One such takes the form of a wristband which monitors your heart rate and sleep pattern, vibrates to remind you to get up and move if it determines that you have been idle for a while, records your diet and exercise routine and tells you how many calories you are burning. It includes a goal setting feature and comparisons with other users.

Can these devices realistically improve health and fitness levels? Will those who spend £40 – £150 on them up their game fitness wise, or will this be another gadget shoved to the back of a cupboard or left languishing in the bottom of gym bags? Even if you use the device rigorously, is the information it provides helpful and accurate?

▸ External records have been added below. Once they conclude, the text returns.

(* Let $m\ge1$, $K_1,\dots,K_m>0$, and $f_i(x)=\frac{K_i x}{K_i+x}$. For $\rho\in[0,1)$ let $(\mathbf{u}(\rho),\mu(\rho))$ be the unique steady state of the infinite-population foraging model, i.e. the unique solution with $u_i\ge0$, $\sum_iu_i=1$, $0<\mu<1$ of $$u_i=\Big((1-\rho)+\frac{\rho}{\mu}\Big)f_i(u_i)+\frac{1-\rho}{m}(1-\mu)\ (i=1,\dots,m),\qquad \mu=\sum_{i=1}^m f_i(u_i).$$ Then $$\lim_{\rho\to1}u_i(\rho)=\frac{K_i}{\sum_{j=1}^mK_j}\quad(i=1,\dots,m),\qquad \lim_{\rho\to1}\mu(\rho)=\frac{\sum_{j=1}^mK_j}{1+\sum_{j=1}^mK_j}.$$
   Context: The infinite-population foraging model is the map on the probability simplex in $\mathbb{R}^m$ given by $\mathbf{u}_{n+1}=\mathbf{f}(\mathbf{u}_n)+(1-\langle\mathbf{1},\mathbf{f}(\mathbf{u}_n)\rangle)\big(\frac{\rho}{\langle\mathbf{1},\mathbf{f}(\mathbf{u}_n)\rangle}\mathbf{f}(\mathbf{u}_n)+\frac{1-\rho}{m}\mathbf{1}\big)$, where $\mathbf{f}(\mathbf{u})=(f_1(u_1),\dots,f_m(u_m))^T$ and $\rho\in[0,1]$ is the recruitment probability; $K_i$ is the resource abundance at site $i$. For $\rho<1$ this map has a unique fixed point on the simplex, which is the steady state referred to. At $\rho=1$ the steady states are the points with $u_i=K_i/\sum_{j\in\mathcal I}K_j$ for $i\in\mathcal I$ and $u_i=0$ otherwise, for any nonempty $\mathcal I\subset\{1,\dots,m\}$. *)

From HB Require Import structures.
From mathcomp Require Import all_boot all_order all_algebra.
From mathcomp Require Import all_classical all_reals all_analysis.
Set Implicit Arguments. Unset Strict Implicit. Unset Printing Implicit Defensive.
Import Order.TTheory GRing.Theory Num.Theory.
Local Open Scope ring_scope.

Definition fK (R : realType) (m : nat) (K : 'I_m -> R) (i : 'I_m) (x : R) : R :=
  K i * x / (K i + x).

Definition steady_state (R : realType) (m : nat) (K : 'I_m -> R) (rho : R)
    (v : 'I_m -> R) (mu : R) : Prop :=
  [/\ forall i, 0 <= v i,
      \sum_(i < m) v i = 1,
      0 < mu /\ mu < 1,
      mu = \sum_(i < m) fK K i (v i)
    & forall i, v i = ((1 - rho) + rho / mu) * fK K i (v i)
                      + (1 - rho) / m%:R * (1 - mu)].

From HB Require Import structures.
From mathcomp Require Import all_boot all_order all_algebra.
From mathcomp Require Import all_classical all_reals all_analysis.
From mathcomp Require Import ring lra.
Import Order.TTheory GRing.Theory Num.Theory.
Import numFieldNormedType.Exports.
Local Open Scope classical_set_scope.
Local Open Scope ring_scope.

(* Write t := rho (1 - mu) / mu, so that 1 - rho + rho / mu = 1 + t, and
   b := (1 - rho) (1 - mu) / m.  Clearing the denominator of f_i turns the
   i-th steady-state equation into v_i (v_i - K_i t - b) = b K_i, so the
   excess e_i := v_i - K_i t - b is positive and e_i rho <= (1 - rho) / m.
   Summing over i, sum_i e_i = 1 - S t - (1 - rho)(1 - mu) with S = sum_j K_j,
   hence |1 - S t| = O(1 - rho).  Therefore v_i = K_i t + O(1 - rho) tends to
   K_i / S, and mu = rho / (rho + t) tends to 1 / (1 + 1 / S). *)

Lemma sumr_pos_gt0 {R : numDomainType} {I : finType} (i0 : I) (F : I -> R) :
  (forall i, 0 < F i) -> 0 < \sum_i F i.
Proof.
by move=> F_gt0; rewrite (bigD1 i0) //= ltr_wpDr ?F_gt0 // sumr_ge0 // => i _; exact/ltW.
Qed.

Lemma cvg_at_left_linear_bound {R : realType} (g : R -> R) {a d C L : R} :
  0 < d -> 0 < C ->
  (forall r, a - d < r -> r < a -> `|L - g r| <= C * (a - r)) ->
  g r @[r --> at_left a] --> L.
Proof.
move=> d_gt0 C_gt0 g_near; apply/cvgrPdist_le => e e_gt0.
near=> r.
have ar_small : a - r < e / C.
  by near: r; apply: nbhs_left_ltBl; rewrite divr_gt0.
apply: le_trans (g_near r _ _) _.
- by near: r; apply: nbhs_left_gt; rewrite gtrBl.
- by near: r; exact: nbhs_left_lt.
by rewrite mulrC -ler_pdivlMr // ltW.
Unshelve. all: by end_near. Qed.

Section SteadyStateBounds.

Variables (R : realType) (m : nat) (K : 'I_m -> R) (rho mu : R) (v : 'I_m -> R).
Hypotheses (m_gt0 : (0 < m)%N) (K_gt0 : forall i, 0 < K i) (rho_lt1 : rho < 1).
Hypothesis (ss : steady_state K rho v mu).

Local Notation S := (\sum_(j < m) K j).
Local Notation t := (rho * (1 - mu) / mu).
Local Notation c := ((1 - rho) / m%:R).
Local Notation b := ((1 - rho) / m%:R * (1 - mu)).

Let mu_gt0 : 0 < mu. Proof. by case: ss => _ _ []. Qed.
Let mu_lt1 : mu < 1. Proof. by case: ss => _ _ []. Qed.

Let mu_neq0 : mu != 0. Proof. by rewrite gt_eqF. Qed.

Let m_neq0 : m%:R != 0 :> R.
Proof. by rewrite pnatr_eq0 -lt0n. Qed.

Let S_gt0 : 0 < S.
Proof. by apply: (sumr_pos_gt0 (Ordinal m_gt0)). Qed.

Let c_gt0 : 0 < c.
Proof. by rewrite divr_gt0 ?ltr0n // subr_gt0. Qed.

Let b_gt0 : 0 < b.
Proof. by rewrite mulr_gt0 // subr_gt0. Qed.

Lemma steady_state_excess_eq i : v i * (v i - K i * t - b) = b * K i.
Proof.
case: ss => v_ge0 _ _ _ /(_ i); rewrite /fK => v_eq.
have Kv_neq0 : K i + v i != 0 by rewrite gt_eqF // ltr_wpDr ?K_gt0.
set rhs := (X in v i = X) in v_eq.
have : (v i - rhs) * (K i + v i) = 0 by rewrite -v_eq subrr mul0r.
rewrite /rhs => cleared; apply/eqP; rewrite -subr_eq0 -cleared; apply/eqP.
by field; rewrite m_neq0 Kv_neq0 mu_neq0.
Qed.

Lemma steady_state_excess_gt0 i : 0 < v i - K i * t - b.
Proof.
have ve_gt0 : 0 < v i * (v i - K i * t - b).
  by rewrite steady_state_excess_eq mulr_gt0.
have v_gt0 : 0 < v i.
  case: ss => /(_ i) v_ge0 _ _ _ _; rewrite lt_def v_ge0 andbT.
  by apply: contraTneq ve_gt0 => ->; rewrite mul0r ltxx.
by rewrite -(pmulr_rgt0 _ v_gt0).
Qed.

Lemma steady_state_excess_le i : (v i - K i * t - b) * rho <= c.
Proof.
set e := v i - K i * t - b.
have e_gt0 : 0 < e := steady_state_excess_gt0 i.
have ev : v i * e = b * K i := steady_state_excess_eq i.
have et_le : e * t <= b.
  rewrite -(ler_pM2r (K_gt0 i)) -ev (mulrC (v i)) -(mulrA e) ler_pM2l //.
  have -> : v i = e + b + K i * t by rewrite /e; ring.
  by rewrite mulrC lerDr ltW // addr_gt0.
have t_mu : t * mu = rho * (1 - mu) by field.
have : e * rho * (1 - mu) <= c * mu * (1 - mu).
  by rewrite -mulrA -t_mu mulrA -(mulrAC c) ler_pM2r.
rewrite ler_pM2r ?subr_gt0 // => /le_trans; apply.
by rewrite ler_piMr // ltW.
Qed.

Lemma steady_state_sum_excess :
  \sum_(i < m) (v i - K i * t - b) = 1 - S * t - (1 - rho) * (1 - mu).
Proof.
case: ss => _ v_sum _ _ _.
rewrite !sumrB v_sum -mulr_suml sumr_const card_ord -mulr_natl.
by field; rewrite mu_neq0 m_neq0.
Qed.

Hypothesis rho_gt_half : 1/2 < rho.

Lemma steady_state_sum_K_t_bounds : 0 <= 1 - S * t <= 3 * (1 - rho).
Proof.
have sum_ge0 : 0 <= \sum_(i < m) (v i - K i * t - b).
  by apply: sumr_ge0 => i _; exact/ltW/steady_state_excess_gt0.
have sum_le : (\sum_(i < m) (v i - K i * t - b)) * rho <= 1 - rho.
  rewrite mulr_suml; apply: le_trans (ler_sum _ (fun i _ => steady_state_excess_le i)) _.
  by rewrite sumr_const card_ord -(mulr_natr c) divfK.
rewrite steady_state_sum_excess in sum_ge0 sum_le.
set X : R := 1 - S * t - _ in sum_ge0 sum_le.
have -> : 1 - S * t = X + (1 - rho) * (1 - mu) by rewrite /X; ring.
have rm_ge0 : 0 <= (1 - rho) * (1 - mu) by rewrite mulr_ge0 // subr_ge0 ltW.
have rm_le : (1 - rho) * (1 - mu) <= 1 - rho.
  by rewrite ger_pMr ?subr_gt0 // lerBlDr lerDl ltW.
have X_le : X <= 2 * (1 - rho) by have := rho_gt_half; nra.
by apply/andP; split; lra.
Qed.

Lemma steady_state_dist_u i :
  `|K i / S - v i| <= (3 * (K i / S) + 3) * (1 - rho).
Proof.
have /andP[St_ge0 St_le] := steady_state_sum_K_t_bounds.
have q_ge0 : 0 <= K i / S by rewrite divr_ge0 // ltW.
have c_le : c <= 1 - rho.
  by rewrite ler_pdivrMr ?ltr0n // ler_peMr ?ler1n // subr_ge0 ltW.
have b_le : b <= 1 - rho.
  by apply: le_trans c_le; rewrite ger_pMr // gerBl ltW.
have e_gt0 := steady_state_excess_gt0 i.
have e_le : v i - K i * t - b <= 2 * (1 - rho).
  by have := steady_state_excess_le i; have := rho_gt_half; nra.
have qD_ge0 : 0 <= K i / S * (1 - S * t) by rewrite mulr_ge0.
have qD_le : K i / S * (1 - S * t) <= K i / S * (3 * (1 - rho)).
  by rewrite ler_wpM2l.
have -> : K i / S - v i = K i / S * (1 - S * t) - b - (v i - K i * t - b).
  by field; rewrite m_neq0 mu_neq0 gt_eqF.
have q_rho_ge0 : 0 <= K i / S * (1 - rho) by rewrite mulr_ge0 // subr_ge0 ltW.
have := rho_lt1; have := b_gt0.
by rewrite ler_norml => *; apply/andP; split; lra.
Qed.

Lemma steady_state_dist_mu : `|S / (1 + S) - mu| <= 4 * (1 - rho).
Proof.
have /andP[St_ge0 St_le] := steady_state_sum_K_t_bounds.
have rho_gt0 : 0 < rho by have := rho_gt_half; lra.
have t_gt0 : 0 < t by rewrite divr_gt0 // mulr_gt0 // subr_gt0.
have denom_ge : 1 / 2 <= (1 + S) * (rho + t).
  by have := rho_gt_half; have := S_gt0; nra.
have denom_gt0 : 0 < (1 + S) * (rho + t) by apply: lt_le_trans denom_ge; lra.
have num_le : `|S * t - rho| <= 2 * (1 - rho).
  by have := rho_lt1; rewrite ler_norml => ?; apply/andP; split; lra.
have -> : S / (1 + S) - mu = (S * t - rho) / ((1 + S) * (rho + t)).
  by field; rewrite mu_neq0 -mulrDr addrCA subrr addr0 mulr1 !gt_eqF // addr_gt0.
rewrite normrM normfV (gtr0_norm denom_gt0) ler_pdivrMr //.
by apply: le_trans num_le _; have := rho_lt1; nra.
Qed.

End SteadyStateBounds.

Theorem mainTheorem2 (R : realType) (m : nat) (K : 'I_m -> R)
    (u : R -> 'I_m -> R) (mu : R -> R) :
  (0 < m)%N ->
  (forall i, 0 < K i) ->
  (forall rho, 0 <= rho -> rho < 1 -> steady_state K rho (u rho) (mu rho)) ->
  (forall i, u rho i @[rho --> at_left (1:R)] --> (K i / \sum_(j < m) K j : R)) /\
  (mu rho @[rho --> at_left (1:R)] -->
     ((\sum_(j < m) K j) / (1 + \sum_(j < m) K j) : R)).
Proof.
move=> m_gt0 K_gt0 ss.
have ss_near rho : 1 - 1 / 2 < rho -> rho < 1 -> steady_state K rho (u rho) (mu rho).
  by move=> rho_gt rho_lt1; apply: ss => //; lra.
have half_gt0 : 0 < 1 / 2 :> R by lra.
split=> [i|].
- have S_gt0 : 0 < \sum_(j < m) K j by apply: (sumr_pos_gt0 (Ordinal m_gt0)).
  have q_ge0 : 0 <= K i / \sum_(j < m) K j by rewrite divr_ge0 // ltW.
  apply: (cvg_at_left_linear_bound (fun rho => u rho i)
            (C := 3 * (K i / \sum_(j < m) K j) + 3) half_gt0) => [|rho rho_gt rho_lt1].
    lra.
  by apply: steady_state_dist_u => //; [exact: ss_near | lra].
- apply: (cvg_at_left_linear_bound mu (C := 4) half_gt0) => [|rho rho_gt rho_lt1].
    lra.
  by apply: steady_state_dist_mu => //; [exact: ss_near | lra].
Qed.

Reliable scientific evidence either way is thin on the ground. One US study saw half of a group of 51 overweight women issued with a Fitbit fitness tracker and the other half with a pedometer. After a month, the Fitbit group was taking an extra hour of physical activity per week and claimed to feel motivated to reach their health and fitness goals by the system. Fitness tracking systems offer a number of helpful motivating features such as goal setting, progress monitoring, regular feedback, social support and confirmation of achievement.

A further study showed that people using fitness trackers tended to stick with their exercise programme for longer than those going under their own steam. People find it interesting and exhilarating to be able to watch how their body responds to exercise, allowing them to engage more enthusiastically with their fitness plan.

The dark side

However, scientific experiments have thrown up questions about the accuracy of the data given by the tracing devices, with error margins between 15%-30% on energy expenditure and a sense of psychological pressure through constant monitoring and nagging to reach targets.

Ultimately such systems are probably best used as an adjunct to a decent training plan rather than as a replacement personal trainer or fitness coach.